[Start of Attachment]
Lemma qform_scalar_const n (a b : R) (y : 'rV_n) :
  qform (a%:M + b *: const_mx 1) y = a * \sum_i y 0 i ^+ 2 + b * (\sum_i y 0 i) ^+ 2.
Proof.
have yM j : (y *m (a%:M + b *: const_mx 1)) 0 j = a * y 0 j + b * \sum_i y 0 i.
  rewrite mulmxDr mul_mx_scalar -scalemxAr mxE [(a *: y) 0 j]mxE.
  by rewrite [(b *: (_ : 'rV_n)) 0 j]mxE mulmx_const1.
rewrite /qform mxE; under eq_bigr => j _ do rewrite yM mxE mulrDl.
rewrite big_split /=; congr (_ + _); last by rewrite -mulr_sumr expr2 mulrA.
by rewrite mulr_sumr; apply: eq_bigr => i _; rewrite expr2 mulrA.
Qed.

Lemma qform_delta n (G : 'M[R]_n) i : qform G (delta_mx 0 i) = G i i.
Proof. by rewrite /qform trmx_delta -rowE -colE !mxE. Qed.

Lemma sumsqr_gt0 n (y : 'rV[R]_n) : y != 0 -> 0 < \sum_j y 0 j ^+ 2.
Proof.
move=> y0; rewrite lt_def sumr_ge0 ?andbT => [|j _]; last exact: sqr_ge0.
apply: contra y0 => /eqP /psumr_eq0P y2_0; apply/eqP/rowP => j.
by apply/eqP; rewrite mxE -sqrf_eq0 y2_0 // => k _; exact: sqr_ge0.
Qed.

Lemma qform_equicorr n (rho : R) y :
  qform (equicorr n rho) y = (1 - rho) * \sum_i y 0 i ^+ 2 + rho * (\sum_i y 0 i) ^+ 2.
Proof. exact: qform_scalar_const. Qed.

Lemma negdef_subspace_equicorr_dim2 n (rho : R) (U : 'M_(2, n)) :
  rho < 1 -> ~ negdef_subspace (equicorr n rho) U.
Proof.
move=> rho1 [freeU negU].
have : kermx (U *m (const_mx 1 : 'cV_n)) != 0.
  by rewrite -mxrank_eq0 mxrank_ker -lt0n subn_gt0 (leq_ltn_trans (rank_leq_col _)).
case/rowV0Pn => v /sub_kermxP vU0 v0.
have sum0 : \sum_j (v *m U) 0 j = 0.
  by move/matrixP: vU0 => /(_ 0 0); rewrite mulmxA mulmx_const1 mxE.
have := negU v v0; rewrite qform_equicorr sum0 expr0n mulr0 addr0.
by rewrite pmulr_rlt0 ?subr_gt0 // ltNge ltW // sumsqr_gt0 // mulmx_free_eq0.
Qed.

End QuadraticForms.

Section SignedSums.
Variable R : realFieldType.

Definition pos_part (x : R) := if 0 <= x then x else 0.
Definition neg_part (x : R) := if x < 0 then - x else 0.

Lemma pos_part_ge0 x : 0 <= pos_part x.
Proof. by rewrite /pos_part; case: ifP. Qed.

Lemma neg_part_ge0 x : 0 <= neg_part x.
Proof. by rewrite /neg_part; case: ifP => // /ltW; rewrite oppr_ge0. Qed.

Lemma pos_part_sub_neg_part x : pos_part x - neg_part x = x.
Proof. by rewrite /pos_part /neg_part; case: leP => _; rewrite ?subr0 ?sub0r ?opprK. Qed.

Lemma sqr_pos_part_add_neg_part x : pos_part x ^+ 2 + neg_part x ^+ 2 = x ^+ 2.
Proof.
by rewrite /pos_part /neg_part; case: leP => _; rewrite expr0n ?addr0 ?add0r ?sqrrN.
Qed.

Lemma ler_psum_term n (f : 'I_n -> R) i : (forall j, 0 <= f j) -> f i <= \sum_j f j.
Proof. by move=> f_ge0; rewrite (bigD1 i) //= lerDl sumr_ge0. Qed.

Lemma sumsqr_le_sqrsum n (f : 'I_n -> R) : (forall j, 0 <= f j) ->
  \sum_j f j ^+ 2 <= (\sum_j f j) ^+ 2.
Proof.
move=> f_ge0; rewrite [X in _ <= X]expr2 mulr_suml; apply: ler_sum => i _.
by rewrite expr2 ler_wpM2l // ler_psum_term.
Qed.

Lemma sumsqr_lt_4sqrsum n (h : 'I_n -> R) :
  let P := \sum_i pos_part (h i) in let N := \sum_i neg_part (h i) in
  (0 < P /\ 3 * N <= P) \/ (0 < N /\ 3 * P <= N) ->
  \sum_i h i ^+ 2 < 4 * (\sum_i h i) ^+ 2.
Proof.
move=> P N dom.
have sumE : \sum_i h i = P - N.
  by rewrite -sumrB; apply: eq_bigr => i _; rewrite pos_part_sub_neg_part.
have sum2E : \sum_i h i ^+ 2 = \sum_i pos_part (h i) ^+ 2 + \sum_i neg_part (h i) ^+ 2.
  by rewrite -big_split; apply: eq_bigr => i _; rewrite -sqr_pos_part_add_neg_part.
have P2 := sumsqr_le_sqrsum (fun i => pos_part_ge0 (h i)).
have N2 := sumsqr_le_sqrsum (fun i => neg_part_ge0 (h i)).
have P0 : 0 <= P by apply: sumr_ge0 => i _; apply: pos_part_ge0.
have N0 : 0 <= N by apply: sumr_ge0 => i _; apply: neg_part_ge0.
(* sum h^2 <= P^2 + N^2, while (sum h)^2 = (P - N)^2 >= (2/3)^2 max(P, N)^2 *)
rewrite sumE sum2E; rewrite -/P -/N in P2 N2; case: dom => -[]; nra.
Qed.

End SignedSums.

Section HEntries.
Variable R : realFieldType.

Lemma Hmx_entry_scaled_bounds (x y g : R) : 1 <= x <= 2 -> 1 <= y <= 2 -> -1 < g < 0 ->
  x != y -> 1 / 2 <= 2 * x * (x * g - y) / (x ^+ 2 - y ^+ 2) * (y - x) <= 8.
Proof.
move=> /andP[x1 x2] /andP[y1 y2] /andP[g1 g0] xy.
have xy0 : 0 < x + y by lra.
have -> : 2 * x * (x * g - y) / (x ^+ 2 - y ^+ 2) * (y - x) = 2 * x * (y - x * g) / (x + y).
  by field; rewrite subr_sqr mulf_neq0 ?subr_eq0 ?(gt_eqF xy0).
by rewrite ler_pdivlMr // ler_pdivrMr //; apply/andP; split; nra.
Qed.

End HEntries.

Section Construction.
Variable R : realFieldType.
Variable n : nat.
Hypothesis n_ge3 : (3 <= n)%N.

Definition rho : R := - 4 / (4 * n%:R - 5).
Definition eps : R := (100 * n%:R)^-1.
Definition lam (q : 'I_n) : R := 2 - eps ^+ q.

Local Notation G := (equicorr n rho).
Local Notation H := (Hmx lam G).

Lemma natr_ge3 : 3 <= n%:R :> R.
Proof. by rewrite (ler_nat R 3 n). Qed.

Lemma rho_mul : rho * (4 * n%:R - 5) = - 4.
Proof. by rewrite /rho mulrAC -mulrA divff ?mulr1 //; have := natr_ge3; lra. Qed.

Lemma rho_bounds : -1 < rho < 0.
Proof. by have := rho_mul; have := natr_ge3 => n3 rhoE; apply/andP; split; nra. Qed.

Lemma one_sub_rho_gt0 : 0 < 1 - rho.
Proof. by have := rho_bounds; lra. Qed.

Lemma equicorr_rho_mul_inv : G *m (((1 - rho)^-1)%:M + (- 4 / (1 - rho)) *: const_mx 1) = 1%:M.
Proof.
have rho1 := one_sub_rho_gt0; have := rho_mul.
rewrite mul_scalar_const mulfV ?gt_eqF // => rhoE.
have -> : (1 - rho) * (-4 / (1 - rho)) + rho * (1 - rho)^-1 + n%:R * rho * (-4 / (1 - rho))
    = (- 4 - rho * (4 * n%:R - 5)) / (1 - rho) by field; rewrite gt_eqF.
by rewrite rhoE subrr mul0r scale0r addr0.
Qed.

Lemma equicorr_rho_unit : G \in unitmx.
Proof. exact: (mulmx1_unit equicorr_rho_mul_inv).1. Qed.
From mathcomp Require Import all_boot all_order all_algebra.
From mathcomp Require Import reals.
From mathcomp Require Import sequences.
From mathcomp.analysis Require Import exp.
From mathcomp Require Import ring zify.
Set Implicit Arguments. Unset Strict Implicit. Unset Printing Implicit Defensive.
Import Order.TTheory GRing.Theory Num.Theory.
Local Open Scope ring_scope.

(* Group the trajectories of X~_k by their auxiliary variable u = 0, ..., n + m
   and the measurements z^j by beta^j.  The relabelled predicted PMB density,
   the consistency indicator of (X~_k, beta_k) and the measurement likelihood
   then all factorise over u, and so does the right-hand side.  For u = 0 the
   Poisson factor times the misdetection probabilities e^{-gamma} is the Poisson
   factor with intensity lambda_{k|k}.  For u > 0 each measurement assigned to u
   contributes gamma(X) l(z|X), which is the corresponding s-factor times the
   clutter intensity lambda^C(z) that the clutter density no longer provides;
   inconsistent configurations make both sides vanish label by label.  What is
   left, e^{-<lambda_{k|k-1},1>} e^{-<lambda^C,1>} prod_j lambda^C(z^j) divided by
   e^{-<lambda_{k|k},1>}, does not depend on (X~_k, beta_k). *)

Lemma big_nat_partition (R : Type) (idx : R) (op : Monoid.com_law idx)
    (I : Type) (s : seq I) (P : pred I) (key : I -> nat) (N : nat) (F : I -> R) :
  all (fun x => key x < N)%N s ->
  \big[op/idx]_(x <- s | P x) F x =
  \big[op/idx]_(0 <= i < N) \big[op/idx]_(x <- s | P x && (key x == i)) F x.
Proof.
elim: s => [_|x s IHs /andP[kx ks]].
  by rewrite big_nil big1 // => i _; rewrite big_nil.
rewrite big_cons IHs //; under [RHS]eq_bigr do rewrite big_cons.
case: (P x) => //=.
transitivity (\big[op/idx]_(0 <= i < N) op (if key x == i then F x else idx)
    (\big[op/idx]_(y <- s | P y && (key y == i)) F y)).
  rewrite big_split /= -big_mkcond (eq_bigl (pred1 (key x)) (P1 := fun i => key x == i)).
    by rewrite big_nat1_eq kx.
  by move=> i; exact: eq_sym.
by apply: eq_bigr => i _; case: ifP; rewrite ?Monoid.mul1m.
Qed.
Lemma cdf_bigcap (u : R^nat) : nonincreasing_seq u ->
  P [set w | forall n, X w <= u n] = ereal_inf (range (fun n => F (u n))).
Proof.
move=> niu; pose G n := [set w | X w <= u n].
have niG : nonincreasing_seq G.
  by move=> m k mk; apply/subsetPset => w /le_trans; apply; exact: niu.
have -> : [set w | forall n, X w <= u n] = \bigcap_n G n.
  by apply/seteqP; split => [w h n _|w h n]; exact: h.
have mG n : measurable (G n) by exact: measurable_le_cst.
have niPG : nonincreasing_seq (P \o G).
  by move=> m k mk; rewrite le_measure ?inE //; exact/subsetPset/niG.
apply: (cvg_unique _ _ (ereal_nonincreasing_cvgn niPG)) => //.
apply: (nonincreasing_cvg_mu _ mG (bigcapT_measurable mG) niG).
by rewrite (le_lt_trans (probability_le1 _ _)) ?ltry.
Qed.

Lemma cdf_gt_exists p : p < 1 -> exists x, (p%:E < F x)%E.
Proof.
move=> p1; have : (p%:E < P [set w | exists n : nat, (X w <= n%:R)%R])%E.
  rewrite (_ : [set w | _] = setT) ?probability_setT ?lte_fin //.
  apply/seteqP; split => // w _; exists (Num.truncn (X w)).+1.
  exact/ltW/truncnS_gt.
rewrite (cdf_bigcup (u := fun n : nat => n%:R)) => [|m k mk]; last by rewrite ler_nat.
by case/ereal_sup_gt => _ [n _ <-]; exists n%:R.
Qed.

Lemma cdf_lt_exists c : 0 < c -> exists x, (F x < c%:E)%E.
Proof.
move=> c0; have : (P [set w | forall n : nat, (X w <= - n%:R)%R] < c%:E)%E.
  rewrite (_ : [set w | _] = set0) ?measure0 ?lte_fin //.
  apply/seteqP; split => // w /(_ (Num.truncn (- X w)).+1).
  by rewrite lerNr leNgt truncnS_gt.
rewrite (cdf_bigcap (u := fun n : nat => - n%:R)) => [|m k mk]; last by rewrite lerN2 ler_nat.
by case/ereal_inf_lt => _ [n _ <-]; exists (- n%:R).
Qed.
Definition csam (O : seq ('I_n * 'I_p)) (opt : 'I_n -> bool)
  (P : 'I_n -> seq bundle) : state := foldl (step opt P) state0 O.

Definition round (O : seq ('I_n * 'I_p)) (x : 'I_n * 'I_p) : nat := index x O.

(* categories in the order agent j chooses them; O_j(l+1) = Ocat O j l *)
Definition Ocat (O : seq ('I_n * 'I_p)) (j : 'I_n) (l : 'I_p) : 'I_p :=
  nth l [seq x.2 | x <- O & x.1 == j] l.

Definition kk (O : seq ('I_n * 'I_p)) (j : 'I_n) (i : 'I_p) : nat :=
  n - #|[set j' : 'I_n | round O (j', i) < round O (j, i)]|.

(* K satisfies the condition (0-based: K stands for K+1) *)
Definition goodK (O : seq ('I_n * 'I_p)) (j : 'I_n) (K : nat) : bool :=
  [forall l : 'I_p, forall j' : 'I_n, forall K' : 'I_p,
     ((nat_of_ord K' == K) && (K < l)) ==>
     ~~ ((round O (j, Ocat O j K') < round O (j', Ocat O j l)) &&
         (round O (j', Ocat O j l) < round O (j, Ocat O j l)))].

(* K_j - 1 : smallest good K in 0..p-1 *)
Definition Kj (O : seq ('I_n * 'I_p)) (j : 'I_n) : nat := find (goodK O j) (iota 0 p).

Definition is_allocation (A : 'I_n -> bundle) : Prop :=
  forall (i : 'I_p) (d : 'I_n), exists! j : 'I_n, A j i = d.

End CSAM.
[End of Attachment]
[The task] Within the data above, the span starting at the line containing "apply: (nonincreasing_cvg_mu _" and ending at the line containing "move=> p1; have" is to be retyped exactly, with no other lines.

[Output for this exercise]
apply: (nonincreasing_cvg_mu _ mG (bigcapT_measurable mG) niG).
by rewrite (le_lt_trans (probability_le1 _ _)) ?ltry.
Qed.

Lemma cdf_gt_exists p : p < 1 -> exists x, (p%:E < F x)%E.
Proof.
move=> p1; have : (p%:E < P [set w | exists n : nat, (X w <= n%:R)%R])%E.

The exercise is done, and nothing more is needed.